Remembering John Lee Hooker (1917-2001)

John Belushi and Dan Aykroyd confer with John Lee Hooker on set of the Blues Brothers.

Twenty years after his death, it is an exceptional day to remember John Lee Hooker, a blues guitar legend and King of the Boogie (August 22, 1917 – June 21, 2001). For fans like me, he first emerged on to my radar because of his appearance in the 1980 movie “Blues Brothers” with Dan Aykroyd and John Belushi.

In respectful memory, enjoy a few excerpts from Charles Shaar Murray’s “Boogie Man: The Adventures of John Lee Hooker in the American Twentieth Century” in 2000.

• “Slouched in his chair and protected by his shades, Hooker works through his tales of lust and anger, sorrow and loneliness, regret and despair. They call certain kinds of blues ‘low down,’ and sometimes what is meant by that is a social judgment on certain sorts of people and certain sorts of lifestyle. In Hooker’s case, ‘low down’ is a barometer reading of the emotional depths. This is as bad as it gets. Oh, the details may vary. He ain’t got no money. He ain’t got no place to go. He wants her. She don’t want him. She wants him. He don’t want her. But into each scenario, the grain of his voice breathes verisimilitude – I been there – and compassion – it hurts, I know it – and the sheer fact of his presence seemingly guarantees that, just as he survived it all, so will we. The inevitable climax is the joyful catharsis of his trademark boogie. It is for this moment that he goes to such extreme lengths to conserve his energy: that electrifying instant when he casts his guitar aside, tears off his shades, leaps to his feet and prowls the stage, all frailty or fatigue forgotten, exhorting both band and audience to greater effort. From the bluesman, arm-wrestling his pain and the world’s on a Delta front porch or in a rat-infested ghetto apartment, he is transformed into the preacher, who cajoles and bullies us toward salvation.”

• “This is what Hooker calls ‘preachin’ the blues,’ though his storefront pulpit is the neighborhood bar – or, more recently, the recording studio and the concert hall. Over that single hammering riff that he learned from his stepfather some six or so decades before, he orchestrates the celebration of this fact: that all present have triumphed over current adversities simply by finding this one moment – here, now – of solidarity and joy.
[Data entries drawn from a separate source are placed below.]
(* Let $Y=M(b;(a_1,b_1),\dots,(a_k,b_k))$, $k\ge3$, be a negative-definite Seifert manifold which is a $\mathbb Z/2\mathbb Z$-homology sphere, and assume that the class $g_0$ of the central node is trivial in $H=H_1(Y;\mathbb Z)$. Then at most $2^k$ of the series $\widehat Z_b(q)$, $b$ ranging over the spin$^c$ structures of $Y$, are nonzero.
   Context: Seifert data: $b\in\mathbb Z$, pairs $(a_i,b_i)$ with $0<b_i<a_i$, $\gcd(a_i,b_i)=1$; $Y$ is the plumbed manifold of the star-shaped tree with central node $v_0$ of framing $-b$ and $k$ legs whose framings $-c^{(j)}_1,\dots,-c^{(j)}_{n_j}$ ($c^{(j)}_i\ge2$) come from the continued fraction $a_j/b_j=c^{(j)}_1-1/(c^{(j)}_2-\cdots-1/c^{(j)}_{n_j})$. The plumbing matrix $M$ ($s$ vertices; diagonal = framings, $1$ for adjacent vertices, else $0$) is negative definite; $H\cong\mathbb Z^s/M\mathbb Z^s$, and $g_0$ is the class of the basis vector of $v_0$. Spin$^c$ structures are cosets $b\in(2\mathbb Z^s+\vec\delta)/2M\mathbb Z^s$ ($\vec\delta$ = vector of vertex degrees $\delta_v$). With $\mathrm{s.e.}\prod_v(z_v-z_v^{-1})^{2-\delta_v}=\sum_{\vec l}c_{\vec l}\vec z^{\,\vec l}$ (symmetric expansion: average of Laurent expansions about $z=0$ and $z=\infty$ of each factor), $\widehat Z_b(q)=q^{(-3s-\mathrm{Tr}M)/4}\sum_{\vec l\in b}c_{\vec l}\,q^{-(\vec l,M^{-1}\vec l)/4}$. *)

From HB Require Import structures.
From mathcomp Require Import all_boot all_order all_algebra.
From mathcomp Require Import classical_sets fsbigop.
Set Implicit Arguments. Unset Strict Implicit. Unset Printing Implicit Defensive.
Import Order.TTheory GRing.Theory Num.Theory.
Local Open Scope ring_scope.

Fixpoint hj_val (l : seq nat) : rat :=
  match l with
  | [::] => 0
  | [:: x] => x%:R
  | x :: t => x%:R - (hj_val t)^-1
  end.

(* vertices: None = central node v0; Some (j, i) = i-th vertex (i = 0 is
   adjacent to v0) of the j-th leg, whose framings are -c j. *)
Definition vert (k : nat) (c : 'I_k -> seq nat) : finType :=
  option {j : 'I_k & 'I_(size (c j))}.

Definition vadj k (c : 'I_k -> seq nat) (v w : vert c) : bool :=
  match v, w with
  | None, None => false
  | None, Some x => nat_of_ord (tagged x) == 0%N
  | Some x, None => nat_of_ord (tagged x) == 0%N
  | Some x, Some y =>
      (tag x == tag y) &&
      (((tagged x).+1 == tagged y :> nat) || ((tagged y).+1 == tagged x :> nat))
  end.

Definition framing k (b : int) (c : 'I_k -> seq nat) (v : vert c) : int :=
  match v with
  | None => - b
  | Some x => - ((nth 0%N (c (tag x)) (tagged x))%:Z)
  end.

Definition nverts k (c : 'I_k -> seq nat) : nat := #|vert c|.

Definition vof k (c : 'I_k -> seq nat) (i : 'I_(nverts c)) : vert c := enum_val i.

Definition plumb k (b : int) (c : 'I_k -> seq nat) : 'M[int]_(nverts c) :=
  \matrix_(i, j) (if i == j then framing b (vof i)
                  else (vadj (vof i) (vof j))%:Z).

Definition vdeg k (c : 'I_k -> seq nat) (v : vert c) : nat :=
  #|[pred w | vadj v w]|.

Definition degvec k (c : 'I_k -> seq nat) : 'cV[int]_(nverts c) :=
  \col_i ((vdeg (vof i))%:Z).

Definition v0idx k (c : 'I_k -> seq nat) : 'I_(nverts c) :=
  enum_rank (None : vert c).

Definition neg_definite n (M : 'M[int]_n) : Prop :=
  forall x : 'cV[rat]_n, x != 0 -> ((x^T *m map_mx intr M *m x) 0 0 < 0).

(* H_1(Y;Z/2) = H / 2H = Z^s / (M Z^s + 2 Z^s) = 0 *)
Definition Z2_homology_sphere n (M : 'M[int]_n) : Prop :=
  forall x : 'cV[int]_n, exists y z : 'cV[int]_n, x = M *m y + 2%:Z *: z.

(* the class of the basis vector e_v in H = Z^s / M Z^s is trivial *)
Definition class_trivial n (M : 'M[int]_n) (v : 'I_n) : Prop :=
  exists y : 'cV[int]_n, M *m y = delta_mx v 0.

Definition gbinom (m : int) (j : nat) : rat :=
  (\prod_(i < j) (m%:~R - i%:R)) / (j`!)%:R.

(* (z - 1/z)^m = (-1/z)^m (1 - z^2)^m : coefficient of z^l in the Laurent
   expansion about z = 0 *)
Definition exp0_coef (m l : int) : rat :=
  \sum_(j < (absz (l + m)).+1 | l + m == 2 * (j%:Z))
     ((-1) ^ m * (-1) ^+ j * gbinom m j).

(* (z - 1/z)^m = z^m (1 - z^-2)^m : coefficient of z^l in the Laurent
   expansion about z = infinity *)
Definition expinf_coef (m l : int) : rat :=
  \sum_(j < (absz (m - l)).+1 | m - l == 2 * (j%:Z))
     ((-1) ^+ j * gbinom m j).

Definition se_coef (m l : int) : rat := (exp0_coef m l + expinf_coef m l) / 2.

(* c_l for s.e. prod_v (z_v - 1/z_v)^(2 - deg v) *)
Definition zcoef k (c : 'I_k -> seq nat) (l : 'cV[int]_(nverts c)) : rat :=
  \prod_(i < nverts c) se_coef (2 - (vdeg (vof i))%:Z) (l i 0).

Definition spinc_rep k (c : 'I_k -> seq nat) (r : 'cV[int]_(nverts c)) : Prop :=
  exists x : 'cV[int]_(nverts c), r = 2%:Z *: x + degvec c.

Definition spinc_eq k (b : int) (c : 'I_k -> seq nat)
  (r r' : 'cV[int]_(nverts c)) : Prop :=
  exists y : 'cV[int]_(nverts c), r - r' = 2%:Z *: (plumb b c *m y).

Definition qexp k (b : int) (c : 'I_k -> seq nat) (l : 'cV[int]_(nverts c)) : rat :=
  let M := map_mx (intr : int -> rat) (plumb b c) in
  let lq := map_mx (intr : int -> rat) l in
  (- (3 * (nverts c)%:R) - \tr M) / 4 - ((lq^T *m invmx M *m lq) 0 0) / 4.

(* coefficient of q^e in Zhat_r(q) (r a representative of the spin^c
   structure); the sum is over the (finite) set of l in the coset of r
   with exponent e *)
Definition zhat_coef k (b : int) (c : 'I_k -> seq nat)
  (r : 'cV[int]_(nverts c)) (e : rat) : rat :=
  (\sum_(l \in [set l | @spinc_eq k b c l r /\ @qexp k b c l = e]) @zcoef k c l)%R.

Definition zhat_nonzero k (b : int) (c : 'I_k -> seq nat)
  (r : 'cV[int]_(nverts c)) : Prop :=
  exists e : rat, @zhat_coef k b c r e != 0.

From HB Require Import structures.
From mathcomp Require Import all_boot all_order all_algebra.
From mathcomp Require Import classical_sets fsbigop.
From mathcomp Require Import zify.
From Stdlib Require Import Classical.
Set Implicit Arguments. Unset Strict Implicit. Unset Printing Implicit Defensive.
Import Order.TTheory GRing.Theory Num.Theory.
Local Open Scope ring_scope.

(* If Zhat_r is nonzero, some l in the spin^c class of r has a
   nonzero coefficient c_l = prod_v se_coef (2 - deg v) (l_v).  On the star
   graph every leg vertex has degree 1 or 2, and a degree-1 vertex is the
   end of its leg.  The symmetric expansion of (z - 1/z)^0 is supported at
   0, that of (z - 1/z)^1 at +-1, and every se_coef m is supported on the
   parity class of m.  Hence such an l is determined, up to an even multiple
   of the central basis vector e_v0, by the k signs of its entries at the
   leg ends.  As the class of e_v0 in H is trivial, two such l with the same
   signs lie in the same spin^c structure.  So the structures with nonzero
   Zhat inject into the 2^k sign vectors.  Of the hypotheses on Y only the
   triviality of [e_v0] and the nonemptiness of the legs enter the bound. *)

Lemma sum_neq0_witness (V : nmodType) (I : finType) (P : pred I) (F : I -> V) :
  \sum_(j | P j) F j != 0 -> exists j, P j && (F j != 0).
Proof.
case: (pickP [pred j | P j && (F j != 0)]) => [j Hj|none]; first by exists j.
rewrite big1 ?eqxx // => j Pj; apply/eqP.
by move: (none j) => /=; rewrite Pj /= => /negbFE.
Qed.

Lemma gbinom_nat_eq0 (n j : nat) : (n < j)%N -> gbinom n%:Z j = 0.
Proof.
move=> ltnj; rewrite /gbinom (bigD1 (Ordinal ltnj)) //= -pmulrn subrr.
by rewrite !mul0r.
Qed.

Lemma se_coef_witness (m l : int) : se_coef m l != 0 ->
  exists j : nat, gbinom m j != 0 /\ (l + m = 2 * j%:Z \/ m - l = 2 * j%:Z).
Proof.
rewrite /se_coef mulf_eq0 negb_or => /andP [Hsum _].
have [H|H] : exp0_coef m l != 0 \/ expinf_coef m l != 0.
  by case: (eqVneq (exp0_coef m l) 0) Hsum => [->|]; [rewrite add0r; right|left].
- case/sum_neq0_witness: H => j /andP [/eqP E Hj]; exists j.
  by split; [apply: contraNneq Hj => ->; rewrite mulr0 | left].
- case/sum_neq0_witness: H => j /andP [/eqP E Hj]; exists j.
  by split; [apply: contraNneq Hj => ->; rewrite mulr0 | right].
Qed.

Lemma se_coef_parity (m l : int) : se_coef m l != 0 ->
  exists t : int, l - m = 2 * t.
Proof.
case/se_coef_witness => j [_ [E|E]]; first by exists (j%:Z - m); lia.
by exists (- j%:Z); lia.
Qed.

Lemma se_coef_nat_range (n : nat) (l : int) : se_coef n%:Z l != 0 ->
  - n%:Z <= l <= n%:Z.
Proof.
case/se_coef_witness => j [Hj E]; have Hjn : (j <= n)%N.
  by rewrite leqNgt; apply: contra Hj => /gbinom_nat_eq0 ->.
by apply/andP; split; lia.
Qed.

Lemma se_coef0_supp (l : int) : se_coef 0 l != 0 -> l = 0.
Proof. by move=> /se_coef_nat_range/andP [? ?]; lia. Qed.

Lemma se_coef1_supp (l : int) : se_coef 1 l != 0 -> l = 1 \/ l = -1.
Proof.
move=> H; have /andP [? ?] := se_coef_nat_range H.
by have [t ?] := se_coef_parity H; lia.
Qed.

Section StarGraph.
Variables (k : nat) (c : 'I_k -> seq nat).

(* A leg vertex has at most one neighbour further out and one further in:
   whether a neighbour lies further out is an injective boolean label. *)
Lemma leg_deg_le2 (x : {j : 'I_k & 'I_(size (c j))}) :
  (vdeg (Some x : vert c) <= 2)%N.
Proof.
rewrite /vdeg; case: x => j i.
pose further (w : vert c) := if w is Some y then (i < tagged y)%N else false.
apply: leq_trans (@leq_card_in _ _ further _ _) _; last by rewrite card_bool.
move=> [[j1 i1]|] [[j2 i2]|]; rewrite !inE /= => H1 H2 // Ef.
- case/andP: H1 => /eqP E1 O1; case/andP: H2 => /eqP E2 O2; subst j1 j2.
  have -> // : i1 = i2; apply: val_inj => /=.
  by move: O1 O2 Ef; case/orP => /eqP A; case/orP => /eqP B; lia.
- by case/andP: H1 => _ /orP [/eqP E|/eqP E]; lia.
- by case/andP: H2 => _ /orP [/eqP E|/eqP E]; lia.
Qed.

Definition leg_pred (j : 'I_k) (i : 'I_(size (c j))) : vert c :=
  Some (Tagged (fun j => 'I_(size (c j)))
         (Ordinal (leq_ltn_trans (leq_pred i) (ltn_ord i)))).

(* Every leg vertex has a neighbour further in: v0 or its predecessor. *)
Lemma leg_deg_ge1 (x : {j : 'I_k & 'I_(size (c j))}) :
  (1 <= vdeg (Some x : vert c))%N.
Proof.
rewrite /vdeg; apply/card_gt0P; case: x => j i.
case: (posnP i) => [i0|ip]; first by exists None; rewrite inE /= i0.
by exists (leg_pred i); rewrite inE /= eqxx /= prednK ?eqxx ?orbT.
Qed.

Lemma inner_leg_deg_ge2 (x : {j : 'I_k & 'I_(size (c j))}) :
  ((tagged x).+1 < size (c (tag x)))%N -> (1 < vdeg (Some x : vert c))%N.
Proof.
rewrite /vdeg; case: x => j i /= lt2; apply/card_gt1P.
exists (Some (Tagged (fun j => 'I_(size (c j))) (Ordinal lt2))).
case: (posnP i) => [i0|ip].
  by exists None; rewrite !inE /= i0 eqxx.
exists (leg_pred i); rewrite !inE /= !eqxx /= prednK ?eqxx ?orbT //.
by split => //; apply/negP => /eqP [] E; lia.
Qed.

Hypothesis leg_nonempty : forall j, (0 < size (c j))%N.

Lemma leg_end_lt (j : 'I_k) : ((size (c j)).-1 < size (c j))%N.
Proof. by rewrite ltn_predL. Qed.

Definition leg_end (j : 'I_k) : vert c :=
  Some (Tagged (fun j => 'I_(size (c j))) (Ordinal (leg_end_lt j))).

Lemma leg_deg_cases (x : {j : 'I_k & 'I_(size (c j))}) :
  vdeg (Some x : vert c) = 2%N \/
  (vdeg (Some x : vert c) = 1%N /\ Some x = leg_end (tag x)).
Proof.
have ge1 := leg_deg_ge1 x; have le2 := leg_deg_le2 x.
have [->|Hd] : vdeg (Some x : vert c) = 2%N \/ vdeg (Some x : vert c) = 1%N.
  by lia.
  by left.
right; split=> //; have Hlast : (tagged x).+1 = size (c (tag x)).
  apply/eqP; rewrite eqn_leq ltn_ord leqNgt; apply/negP.
  by move=> /inner_leg_deg_ge2; rewrite Hd.
clear ge1 le2; case: x Hd Hlast => j i /= _ Hlast; congr Some; congr existT.
by apply: val_inj => /=; lia.
Qed.

End StarGraph.

Section LegSigns.
Variables (k : nat) (c : 'I_k -> seq nat).
Hypothesis leg_nonempty : forall j, (0 < size (c j))%N.

Definition leg_signs (l : 'cV[int]_(nverts c)) : {ffun 'I_k -> bool} :=
  [ffun j => 0 < l (enum_rank (leg_end leg_nonempty j)) 0].

Lemma zcoef_factor_neq0 (l : 'cV[int]_(nverts c)) (p : 'I_(nverts c)) :
  zcoef l != 0 -> se_coef (2 - (vdeg (vof p))%:Z) (l p 0) != 0.
Proof. by move=> /prodf_neq0 H; apply: H. Qed.

Lemma zcoef_entry_cases (p : 'I_(nverts c)) : p != v0idx c ->
  (forall l, zcoef l != 0 -> l p 0 = 0) \/
  exists j, p = enum_rank (leg_end leg_nonempty j) /\
    forall l, zcoef l != 0 -> l p 0 = 1 \/ l p 0 = -1.
Proof.
move=> hp; have Ep : p = enum_rank (vof p) by rewrite enum_valK.
case E: (vof p) => [x|]; last by case/eqP: hp; rewrite Ep E.
case: (leg_deg_cases leg_nonempty x) => [Hd|[Hd Hend]].
- left => l /(zcoef_factor_neq0 p); rewrite E Hd; exact: se_coef0_supp.
- right; exists (tag x); split; first by rewrite Ep E Hend.
  by move=> l /(zcoef_factor_neq0 p); rewrite E Hd; exact: se_coef1_supp.
Qed.

Lemma same_signs_central_shift (l1 l2 : 'cV[int]_(nverts c)) :
  zcoef l1 != 0 -> zcoef l2 != 0 -> leg_signs l1 = leg_signs l2 ->
  exists t : int, l1 - l2 = 2%:Z *: (t *: delta_mx (v0idx c) 0).
Proof.
move=> Z1 Z2 Hsig.
have [t1 T1] := se_coef_parity (zcoef_factor_neq0 (v0idx c) Z1).
have [t2 T2] := se_coef_parity (zcoef_factor_neq0 (v0idx c) Z2).
exists (t1 - t2); apply/matrixP => p q; rewrite (ord1 q) !mxE.
case: (eqVneq p (v0idx c)) => [->|hp]; first by rewrite eqxx /=; lia.
suff -> : l1 p 0 = l2 p 0 by rewrite subrr /= !mulr0.
case: (zcoef_entry_cases hp) => [H0|[j [Ep Hpm]]]; first by rewrite !H0.
move/ffunP: Hsig => /(_ j); rewrite !ffunE -Ep.
have := Hpm _ Z1; have := Hpm _ Z2.
by case: (ltrP 0 (l1 p 0)); case: (ltrP 0 (l2 p 0)) => //= *; lia.
Qed.

End LegSigns.

Section SpincClasses.
Variables (k : nat) (b : int) (c : 'I_k -> seq nat).

Lemma spinc_eq_sym (r r' : 'cV[int]_(nverts c)) :
  spinc_eq b r r' -> spinc_eq b r' r.
Proof. by case=> y E; exists (- y); rewrite mulmxN scalerN -E opprB. Qed.

Lemma spinc_eq_trans (r r' r'' : 'cV[int]_(nverts c)) :
  spinc_eq b r r' -> spinc_eq b r' r'' -> spinc_eq b r r''.
Proof.
case=> y E [y' E']; exists (y + y').
by rewrite mulmxDr scalerDr -E -E' addrA subrK.
Qed.

Lemma spinc_eq_central_shift (l l' : 'cV[int]_(nverts c)) (t : int) :
  class_trivial (plumb b c) (v0idx c) ->
  l - l' = 2%:Z *: (t *: delta_mx (v0idx c) 0) -> spinc_eq b l l'.
Proof. by case=> y0 Hy0 E; exists (t *: y0); rewrite -scalemxAr Hy0. Qed.

Lemma zhat_nonzero_witness (r : 'cV[int]_(nverts c)) :
  zhat_nonzero b r -> exists l, spinc_eq b l r /\ zcoef l != 0.
Proof.
case=> e He; apply: NNPP => none; move/eqP: He; apply.
rewrite /zhat_coef fsbig1 // => l [Hl _]; apply/eqP/negPn/negP => Hz.
by apply: none; exists l.
Qed.

End SpincClasses.

Theorem corollary4p2 (k : nat) (b : int) (a bb : 'I_k -> nat)
  (c : 'I_k -> seq nat) :
  (3 <= k)%N ->
  (forall j, 0 < bb j < a j)%N ->
  (forall j, coprime (a j) (bb j)) ->
  (forall j, (0 < size (c j))%N /\ all (fun x => 2 <= x)%N (c j)
             /\ hj_val (c j) = (a j)%:R / (bb j)%:R) ->
  neg_definite (plumb b c) ->
  Z2_homology_sphere (plumb b c) ->
  class_trivial (plumb b c) (v0idx c) ->
  forall (m : nat) (r : 'I_m -> 'cV[int]_(nverts c)),
    (forall i, spinc_rep (r i)) ->
    (forall i j, i != j -> ~ spinc_eq b (r i) (r j)) ->
    (forall i, zhat_nonzero b (r i)) ->
    (m <= 2 ^ k)%N.
Proof.
move=> _ _ _ hc _ _ hv0 m r _ hdist hnz.
have legs_nonempty j : (0 < size (c j))%N := (hc j).1.
have [L HL] := fin_all_exists (fun i => zhat_nonzero_witness (hnz i)).
have card_signs : #|{ffun 'I_k -> bool}| = (2 ^ k)%N.
  by rewrite card_ffun card_bool card_ord.
rewrite -{1}(card_ord m) -card_signs.
(* the leg signs of l_i determine the spin^c structure of r_i *)
apply: (@leq_card _ _ (fun i => leg_signs legs_nonempty (L i))) => i1 i2 Hsig.
apply/eqP; apply: contraT => Hne; case: (hdist _ _ Hne).
have [t Ht] := same_signs_central_shift (HL i1).2 (HL i2).2 Hsig.
apply: spinc_eq_trans (spinc_eq_sym (HL i1).1) _.
exact: spinc_eq_trans (spinc_eq_central_shift hv0 Ht) (HL i2).1.
Qed.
If anything can truly be said to be the philosophical core of the blues, it is this: when you suffer, you can at least boogie, and when you boogiein’, you ain’t sufferin’. But, first, you got to face the fact that you’re sufferin’. Once you’ve acknowledged your pain, you can get to dealing with it. … the blues is not about feeling bad, but about feeling good despite every factor in the world which conspires to make you feel bad.”

• “Behind all of the idiosyncrasies of taste and style, behind all the stagecraft and devices which any long-term performer develops, behind the songs and the riffs and the schtick and the musicianship, is the bluesman’s true role: that of our confidant. The bluesman hasn’t heard our personal, individual story – not unless he’s a close personal friend, that is – but he should make us feel that he knows it anyway, that he has heard us and understands us. By telling his story – or a variation of his story, or several variations of his story, or even an outright embroidery of his story – John Lee Hooker enables us to face our own. In this sense, the bluesman is our confessor, our shrink; it is his job to forgive us and comfort us, shoulder our burdens as he invites us to help him shoulder his own. Against the forces of wickedness, the preacher is our leader; the general who marshals our forces; the conductor who orchestrates our instruments. But when the preacher’s mantle passes to the bluesman, it is so that he can enlist us in an epic battle against despair. When the bluesman hollers “Good mornin’, Mr. Blues” or tells us of blues walkin’ just like a man, he’s talking about what Winston Churchill called his “black dog”: the personification of despair. If he were a doctor, he would inject us with a small, controllable dose of that despair, an inoculation to protect us from ultimately succumbing to it. And it doesn’t matter who you are.”

• “John Lee Hooker was born and raised in the church. Indeed, his earliest and most formative musical, cultural and spiritual experiences came from the church, and from the preaching of his father, the Rev. William Hooker. He is, as it happens, not only the Son Of A Preacher Man, but also the brother of another, and the father of another still.”

• “[T]he climax of Hooker’s stage act irresistibly evokes the transcendent fervor of charismatic Southern Baptism, wherein preacher and congregation alike are caught up in the ecstatic whirlwind of the descending spirit. In conventional Western religious services, the congregation are there to worship under the direction of their pastor, but the African-American ceremony goes further. It is rooted in the tradition of a fundamental, primal encounter with the powers that drive the universe, in which the participants invite transcendence, offering themselves up to the spirit they invoke in the knowledge that their offer will be, at least for the duration, accepted. It is about more than merely worshiping: it is about becoming, and about temporarily ceasing to be.”